◆ Stored items ◆
========

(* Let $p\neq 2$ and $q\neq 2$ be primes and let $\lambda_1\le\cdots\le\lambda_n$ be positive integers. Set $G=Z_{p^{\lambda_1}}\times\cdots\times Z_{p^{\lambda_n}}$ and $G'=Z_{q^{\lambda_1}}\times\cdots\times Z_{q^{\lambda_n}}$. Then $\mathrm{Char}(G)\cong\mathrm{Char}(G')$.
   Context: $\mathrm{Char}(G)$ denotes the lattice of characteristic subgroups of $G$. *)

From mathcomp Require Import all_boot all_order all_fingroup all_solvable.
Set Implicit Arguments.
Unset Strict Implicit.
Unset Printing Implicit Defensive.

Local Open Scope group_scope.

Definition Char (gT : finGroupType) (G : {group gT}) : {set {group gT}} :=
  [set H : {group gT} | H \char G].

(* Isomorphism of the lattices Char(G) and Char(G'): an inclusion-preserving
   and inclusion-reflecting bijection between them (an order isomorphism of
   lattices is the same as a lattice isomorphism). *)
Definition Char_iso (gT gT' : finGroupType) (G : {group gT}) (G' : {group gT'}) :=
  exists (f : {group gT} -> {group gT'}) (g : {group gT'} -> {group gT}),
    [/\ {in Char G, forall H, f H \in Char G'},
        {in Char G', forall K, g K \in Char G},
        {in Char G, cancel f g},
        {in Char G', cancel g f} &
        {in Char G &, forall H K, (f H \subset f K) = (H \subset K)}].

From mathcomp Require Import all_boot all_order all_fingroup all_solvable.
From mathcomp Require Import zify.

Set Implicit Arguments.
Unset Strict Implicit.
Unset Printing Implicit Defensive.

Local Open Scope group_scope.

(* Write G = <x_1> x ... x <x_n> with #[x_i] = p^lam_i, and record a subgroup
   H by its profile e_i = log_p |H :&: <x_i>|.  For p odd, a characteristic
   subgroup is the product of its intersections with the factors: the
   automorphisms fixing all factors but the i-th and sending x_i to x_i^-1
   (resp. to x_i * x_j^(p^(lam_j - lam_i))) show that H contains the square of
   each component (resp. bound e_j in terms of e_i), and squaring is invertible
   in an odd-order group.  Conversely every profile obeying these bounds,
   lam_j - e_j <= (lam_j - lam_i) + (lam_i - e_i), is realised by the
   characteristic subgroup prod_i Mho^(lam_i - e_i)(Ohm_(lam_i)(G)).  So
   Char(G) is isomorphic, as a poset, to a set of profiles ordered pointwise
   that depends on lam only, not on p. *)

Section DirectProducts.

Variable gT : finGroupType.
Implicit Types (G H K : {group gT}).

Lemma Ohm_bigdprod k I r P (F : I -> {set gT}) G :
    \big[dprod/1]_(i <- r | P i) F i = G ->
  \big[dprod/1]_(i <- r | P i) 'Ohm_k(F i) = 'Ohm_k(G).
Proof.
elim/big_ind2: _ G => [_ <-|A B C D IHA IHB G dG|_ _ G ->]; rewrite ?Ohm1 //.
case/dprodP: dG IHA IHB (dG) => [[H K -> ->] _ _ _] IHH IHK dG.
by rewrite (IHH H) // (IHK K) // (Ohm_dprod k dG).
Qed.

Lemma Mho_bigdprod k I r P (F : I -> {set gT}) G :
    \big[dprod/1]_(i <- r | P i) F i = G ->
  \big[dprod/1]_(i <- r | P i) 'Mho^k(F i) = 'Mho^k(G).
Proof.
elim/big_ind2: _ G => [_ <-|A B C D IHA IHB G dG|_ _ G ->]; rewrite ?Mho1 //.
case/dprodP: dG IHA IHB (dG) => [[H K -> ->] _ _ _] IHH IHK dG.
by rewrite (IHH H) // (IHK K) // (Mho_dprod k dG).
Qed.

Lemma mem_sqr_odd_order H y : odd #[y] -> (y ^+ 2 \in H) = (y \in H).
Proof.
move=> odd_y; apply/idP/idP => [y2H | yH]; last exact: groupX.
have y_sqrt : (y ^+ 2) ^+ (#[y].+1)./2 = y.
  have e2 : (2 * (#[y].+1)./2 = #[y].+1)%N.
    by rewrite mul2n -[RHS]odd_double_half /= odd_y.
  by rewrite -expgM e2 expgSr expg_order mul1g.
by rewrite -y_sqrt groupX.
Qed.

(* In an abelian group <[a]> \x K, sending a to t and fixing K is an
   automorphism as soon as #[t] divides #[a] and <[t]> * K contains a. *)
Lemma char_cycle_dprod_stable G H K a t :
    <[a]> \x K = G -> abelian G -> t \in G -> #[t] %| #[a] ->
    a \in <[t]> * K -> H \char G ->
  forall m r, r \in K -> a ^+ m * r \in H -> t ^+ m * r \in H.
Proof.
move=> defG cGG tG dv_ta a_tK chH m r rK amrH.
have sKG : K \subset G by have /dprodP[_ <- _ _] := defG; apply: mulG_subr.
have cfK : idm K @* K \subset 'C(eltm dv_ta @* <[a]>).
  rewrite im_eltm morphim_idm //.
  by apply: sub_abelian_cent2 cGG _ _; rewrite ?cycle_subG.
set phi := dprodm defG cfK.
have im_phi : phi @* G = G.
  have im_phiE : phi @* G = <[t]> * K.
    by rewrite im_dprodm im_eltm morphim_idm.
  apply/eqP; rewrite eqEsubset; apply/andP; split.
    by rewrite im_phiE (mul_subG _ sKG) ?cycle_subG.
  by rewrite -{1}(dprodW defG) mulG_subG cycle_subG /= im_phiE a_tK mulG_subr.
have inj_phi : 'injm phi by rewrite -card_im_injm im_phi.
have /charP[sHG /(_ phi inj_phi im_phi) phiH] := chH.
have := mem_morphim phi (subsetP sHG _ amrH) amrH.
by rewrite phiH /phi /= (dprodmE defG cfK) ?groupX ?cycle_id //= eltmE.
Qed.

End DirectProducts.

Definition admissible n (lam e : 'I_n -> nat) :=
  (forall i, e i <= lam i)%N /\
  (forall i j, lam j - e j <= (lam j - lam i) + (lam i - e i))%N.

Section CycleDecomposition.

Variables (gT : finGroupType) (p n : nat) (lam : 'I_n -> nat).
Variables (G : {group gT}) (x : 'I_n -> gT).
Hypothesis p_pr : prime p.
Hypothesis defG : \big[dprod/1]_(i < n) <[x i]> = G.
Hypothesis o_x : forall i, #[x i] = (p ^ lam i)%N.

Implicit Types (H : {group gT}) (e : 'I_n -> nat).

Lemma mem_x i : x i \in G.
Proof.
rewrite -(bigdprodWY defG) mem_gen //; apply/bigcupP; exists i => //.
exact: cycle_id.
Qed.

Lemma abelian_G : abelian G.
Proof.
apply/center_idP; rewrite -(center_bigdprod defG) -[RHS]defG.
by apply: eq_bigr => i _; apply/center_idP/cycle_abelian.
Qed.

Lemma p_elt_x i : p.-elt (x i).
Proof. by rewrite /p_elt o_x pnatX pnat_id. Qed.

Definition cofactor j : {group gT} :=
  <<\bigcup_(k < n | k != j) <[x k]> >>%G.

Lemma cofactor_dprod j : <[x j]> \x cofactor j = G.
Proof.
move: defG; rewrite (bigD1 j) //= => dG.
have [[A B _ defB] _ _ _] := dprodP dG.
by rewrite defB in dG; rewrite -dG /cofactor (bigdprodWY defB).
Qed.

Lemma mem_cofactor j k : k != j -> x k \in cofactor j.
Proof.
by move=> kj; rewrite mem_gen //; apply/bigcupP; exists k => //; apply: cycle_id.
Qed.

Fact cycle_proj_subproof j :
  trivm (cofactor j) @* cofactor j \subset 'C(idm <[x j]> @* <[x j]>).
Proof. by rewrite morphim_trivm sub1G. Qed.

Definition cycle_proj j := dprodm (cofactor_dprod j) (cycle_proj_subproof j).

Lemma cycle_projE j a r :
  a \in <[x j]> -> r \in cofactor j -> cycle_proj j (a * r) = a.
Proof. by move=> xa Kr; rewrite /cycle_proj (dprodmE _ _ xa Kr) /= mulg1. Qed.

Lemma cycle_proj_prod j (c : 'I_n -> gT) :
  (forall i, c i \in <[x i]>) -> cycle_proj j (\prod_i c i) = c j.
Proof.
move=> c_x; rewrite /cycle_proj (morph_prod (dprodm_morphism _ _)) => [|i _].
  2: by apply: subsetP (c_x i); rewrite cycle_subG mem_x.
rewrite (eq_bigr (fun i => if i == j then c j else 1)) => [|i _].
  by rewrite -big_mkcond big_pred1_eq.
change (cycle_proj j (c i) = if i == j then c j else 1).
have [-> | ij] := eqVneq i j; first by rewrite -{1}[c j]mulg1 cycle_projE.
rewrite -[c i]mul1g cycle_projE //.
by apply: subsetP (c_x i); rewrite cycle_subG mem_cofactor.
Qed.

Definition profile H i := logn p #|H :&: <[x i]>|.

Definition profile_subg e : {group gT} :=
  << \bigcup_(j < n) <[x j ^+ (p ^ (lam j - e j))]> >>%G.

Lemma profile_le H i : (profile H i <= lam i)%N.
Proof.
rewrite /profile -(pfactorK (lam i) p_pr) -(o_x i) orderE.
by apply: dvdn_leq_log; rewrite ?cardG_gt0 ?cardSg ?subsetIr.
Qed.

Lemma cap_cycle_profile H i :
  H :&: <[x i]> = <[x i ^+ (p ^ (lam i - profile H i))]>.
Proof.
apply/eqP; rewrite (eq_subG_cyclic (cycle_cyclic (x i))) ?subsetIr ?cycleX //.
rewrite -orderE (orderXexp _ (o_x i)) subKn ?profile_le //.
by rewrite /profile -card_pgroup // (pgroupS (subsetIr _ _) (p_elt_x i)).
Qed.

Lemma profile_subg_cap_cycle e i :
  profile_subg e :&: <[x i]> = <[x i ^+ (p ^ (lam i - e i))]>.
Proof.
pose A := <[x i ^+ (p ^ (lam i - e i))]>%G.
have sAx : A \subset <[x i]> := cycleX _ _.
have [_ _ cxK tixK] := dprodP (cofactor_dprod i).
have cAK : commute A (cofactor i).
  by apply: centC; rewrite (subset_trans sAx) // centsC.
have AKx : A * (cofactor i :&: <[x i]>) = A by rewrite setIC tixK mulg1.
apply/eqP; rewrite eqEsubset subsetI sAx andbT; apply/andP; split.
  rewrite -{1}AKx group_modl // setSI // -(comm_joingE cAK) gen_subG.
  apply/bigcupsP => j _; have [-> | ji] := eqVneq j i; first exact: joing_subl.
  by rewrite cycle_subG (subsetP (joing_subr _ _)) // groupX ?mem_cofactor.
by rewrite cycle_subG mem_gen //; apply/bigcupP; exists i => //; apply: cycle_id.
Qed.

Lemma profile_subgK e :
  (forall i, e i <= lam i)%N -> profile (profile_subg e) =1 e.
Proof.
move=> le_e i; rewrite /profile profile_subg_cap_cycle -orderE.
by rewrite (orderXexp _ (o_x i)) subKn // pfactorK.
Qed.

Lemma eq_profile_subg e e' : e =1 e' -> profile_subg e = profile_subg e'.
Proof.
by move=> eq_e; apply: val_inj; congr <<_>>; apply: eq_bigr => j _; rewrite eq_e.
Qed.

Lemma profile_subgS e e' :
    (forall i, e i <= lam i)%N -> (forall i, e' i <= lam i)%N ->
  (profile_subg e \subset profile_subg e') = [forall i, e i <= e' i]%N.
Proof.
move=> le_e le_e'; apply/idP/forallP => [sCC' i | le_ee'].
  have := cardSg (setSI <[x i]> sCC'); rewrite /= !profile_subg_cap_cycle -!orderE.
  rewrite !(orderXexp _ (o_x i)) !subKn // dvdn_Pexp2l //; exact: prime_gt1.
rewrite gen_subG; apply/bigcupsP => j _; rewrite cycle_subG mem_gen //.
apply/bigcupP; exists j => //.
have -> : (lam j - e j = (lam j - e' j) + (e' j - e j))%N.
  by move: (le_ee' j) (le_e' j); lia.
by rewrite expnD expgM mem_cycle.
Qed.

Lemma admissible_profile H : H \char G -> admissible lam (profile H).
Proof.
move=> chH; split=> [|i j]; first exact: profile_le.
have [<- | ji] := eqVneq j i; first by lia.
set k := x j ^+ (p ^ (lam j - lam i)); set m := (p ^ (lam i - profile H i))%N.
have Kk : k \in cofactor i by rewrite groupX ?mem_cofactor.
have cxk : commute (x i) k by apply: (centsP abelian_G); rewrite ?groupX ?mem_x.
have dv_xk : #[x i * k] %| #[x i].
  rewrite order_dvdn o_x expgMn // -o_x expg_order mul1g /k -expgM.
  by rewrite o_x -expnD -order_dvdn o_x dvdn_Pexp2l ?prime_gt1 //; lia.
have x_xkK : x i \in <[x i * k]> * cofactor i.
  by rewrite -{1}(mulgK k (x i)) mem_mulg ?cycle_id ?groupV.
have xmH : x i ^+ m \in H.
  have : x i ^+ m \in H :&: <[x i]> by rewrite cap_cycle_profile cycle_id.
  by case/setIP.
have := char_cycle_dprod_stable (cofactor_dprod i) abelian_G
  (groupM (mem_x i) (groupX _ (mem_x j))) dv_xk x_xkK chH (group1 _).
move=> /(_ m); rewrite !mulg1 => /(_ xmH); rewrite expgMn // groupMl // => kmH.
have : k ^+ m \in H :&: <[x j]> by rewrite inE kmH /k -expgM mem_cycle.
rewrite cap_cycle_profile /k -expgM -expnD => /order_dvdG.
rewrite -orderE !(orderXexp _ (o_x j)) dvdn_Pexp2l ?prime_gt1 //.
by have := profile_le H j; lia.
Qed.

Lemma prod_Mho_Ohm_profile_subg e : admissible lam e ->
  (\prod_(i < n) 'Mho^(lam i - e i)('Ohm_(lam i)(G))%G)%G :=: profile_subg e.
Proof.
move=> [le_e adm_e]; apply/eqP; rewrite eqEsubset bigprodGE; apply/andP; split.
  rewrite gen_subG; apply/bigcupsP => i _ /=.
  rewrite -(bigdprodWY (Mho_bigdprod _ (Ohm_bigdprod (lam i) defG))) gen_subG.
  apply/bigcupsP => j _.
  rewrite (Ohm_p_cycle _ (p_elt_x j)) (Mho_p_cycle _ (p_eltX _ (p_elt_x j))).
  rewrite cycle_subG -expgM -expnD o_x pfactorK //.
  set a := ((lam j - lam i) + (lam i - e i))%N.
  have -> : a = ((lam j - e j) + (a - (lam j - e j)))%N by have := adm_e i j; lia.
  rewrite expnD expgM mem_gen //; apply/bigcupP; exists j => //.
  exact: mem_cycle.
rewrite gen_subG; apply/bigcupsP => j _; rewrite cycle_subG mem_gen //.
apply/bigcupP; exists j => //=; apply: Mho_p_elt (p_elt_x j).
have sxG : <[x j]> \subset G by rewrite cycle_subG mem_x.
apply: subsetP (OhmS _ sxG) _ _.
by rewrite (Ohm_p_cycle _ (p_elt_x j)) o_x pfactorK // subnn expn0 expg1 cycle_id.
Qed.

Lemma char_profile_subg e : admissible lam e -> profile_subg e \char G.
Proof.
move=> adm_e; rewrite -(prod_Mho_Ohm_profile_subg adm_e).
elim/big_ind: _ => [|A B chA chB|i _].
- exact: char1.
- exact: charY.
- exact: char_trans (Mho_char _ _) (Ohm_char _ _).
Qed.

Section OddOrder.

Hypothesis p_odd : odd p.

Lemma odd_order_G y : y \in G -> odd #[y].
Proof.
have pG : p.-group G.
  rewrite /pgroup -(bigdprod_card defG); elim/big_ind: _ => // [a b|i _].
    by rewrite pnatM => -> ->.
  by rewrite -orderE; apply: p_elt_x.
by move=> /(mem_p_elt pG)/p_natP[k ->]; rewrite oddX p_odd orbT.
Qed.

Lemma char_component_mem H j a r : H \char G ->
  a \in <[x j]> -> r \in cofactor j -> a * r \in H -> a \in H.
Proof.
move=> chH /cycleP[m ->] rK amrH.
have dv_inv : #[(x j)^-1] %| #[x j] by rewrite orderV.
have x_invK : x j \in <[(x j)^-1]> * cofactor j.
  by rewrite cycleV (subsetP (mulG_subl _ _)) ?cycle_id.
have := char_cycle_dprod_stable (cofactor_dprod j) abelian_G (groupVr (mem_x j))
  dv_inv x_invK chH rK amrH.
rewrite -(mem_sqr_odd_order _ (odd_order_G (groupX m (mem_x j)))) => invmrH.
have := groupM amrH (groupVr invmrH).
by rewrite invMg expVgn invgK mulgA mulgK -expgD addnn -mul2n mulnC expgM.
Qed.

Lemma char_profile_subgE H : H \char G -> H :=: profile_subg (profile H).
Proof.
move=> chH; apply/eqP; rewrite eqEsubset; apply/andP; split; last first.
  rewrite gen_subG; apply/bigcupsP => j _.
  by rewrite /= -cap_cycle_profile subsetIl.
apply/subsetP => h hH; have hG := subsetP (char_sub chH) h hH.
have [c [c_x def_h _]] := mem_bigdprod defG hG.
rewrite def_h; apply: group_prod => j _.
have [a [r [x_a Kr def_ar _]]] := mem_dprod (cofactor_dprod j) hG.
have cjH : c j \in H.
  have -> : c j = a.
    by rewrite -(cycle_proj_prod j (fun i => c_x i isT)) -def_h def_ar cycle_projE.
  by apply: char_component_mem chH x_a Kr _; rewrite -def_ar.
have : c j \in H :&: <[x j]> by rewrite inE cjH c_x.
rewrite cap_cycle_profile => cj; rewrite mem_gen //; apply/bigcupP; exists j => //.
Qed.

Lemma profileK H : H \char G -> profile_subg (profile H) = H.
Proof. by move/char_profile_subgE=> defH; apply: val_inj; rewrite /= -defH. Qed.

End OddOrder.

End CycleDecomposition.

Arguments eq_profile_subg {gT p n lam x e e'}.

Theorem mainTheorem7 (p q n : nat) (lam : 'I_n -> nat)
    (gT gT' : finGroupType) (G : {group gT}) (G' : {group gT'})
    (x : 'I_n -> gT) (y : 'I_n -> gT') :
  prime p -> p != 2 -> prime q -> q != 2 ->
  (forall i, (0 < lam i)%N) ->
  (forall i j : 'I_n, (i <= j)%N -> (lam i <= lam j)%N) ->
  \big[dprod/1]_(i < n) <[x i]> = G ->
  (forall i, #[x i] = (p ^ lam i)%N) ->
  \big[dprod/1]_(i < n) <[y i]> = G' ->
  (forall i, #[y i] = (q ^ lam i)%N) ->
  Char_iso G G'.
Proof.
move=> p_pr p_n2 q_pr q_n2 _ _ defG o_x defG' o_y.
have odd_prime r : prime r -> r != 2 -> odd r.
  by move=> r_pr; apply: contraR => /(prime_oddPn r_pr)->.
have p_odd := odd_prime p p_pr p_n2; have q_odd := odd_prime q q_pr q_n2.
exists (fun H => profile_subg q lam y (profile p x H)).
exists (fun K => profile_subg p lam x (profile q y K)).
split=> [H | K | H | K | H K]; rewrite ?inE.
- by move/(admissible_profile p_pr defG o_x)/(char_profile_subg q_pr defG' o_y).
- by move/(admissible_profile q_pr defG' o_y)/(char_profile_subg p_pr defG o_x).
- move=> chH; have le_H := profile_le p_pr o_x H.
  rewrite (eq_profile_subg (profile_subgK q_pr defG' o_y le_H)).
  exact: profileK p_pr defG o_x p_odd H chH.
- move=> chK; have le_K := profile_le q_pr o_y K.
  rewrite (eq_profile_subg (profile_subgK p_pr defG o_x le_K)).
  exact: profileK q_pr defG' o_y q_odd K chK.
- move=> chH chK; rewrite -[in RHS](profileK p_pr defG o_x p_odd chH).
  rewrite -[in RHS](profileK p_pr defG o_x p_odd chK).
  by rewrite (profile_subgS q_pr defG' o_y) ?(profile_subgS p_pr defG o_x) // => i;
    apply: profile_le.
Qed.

========

◆ Aim of the task ◆
What you give back must be the stretch above, starting at the line with "Lemma mem_cofactor j" and ending at the line with "Lemma cycle_projE j", copied exactly.

◆ Answer below ◆
Lemma mem_cofactor j k : k != j -> x k \in cofactor j.
Proof.
by move=> kj; rewrite mem_gen //; apply/bigcupP; exists k => //; apply: cycle_id.
Qed.

Fact cycle_proj_subproof j :
  trivm (cofactor j) @* cofactor j \subset 'C(idm <[x j]> @* <[x j]>).
Proof. by rewrite morphim_trivm sub1G. Qed.

Definition cycle_proj j := dprodm (cofactor_dprod j) (cycle_proj_subproof j).

Lemma cycle_projE j a r :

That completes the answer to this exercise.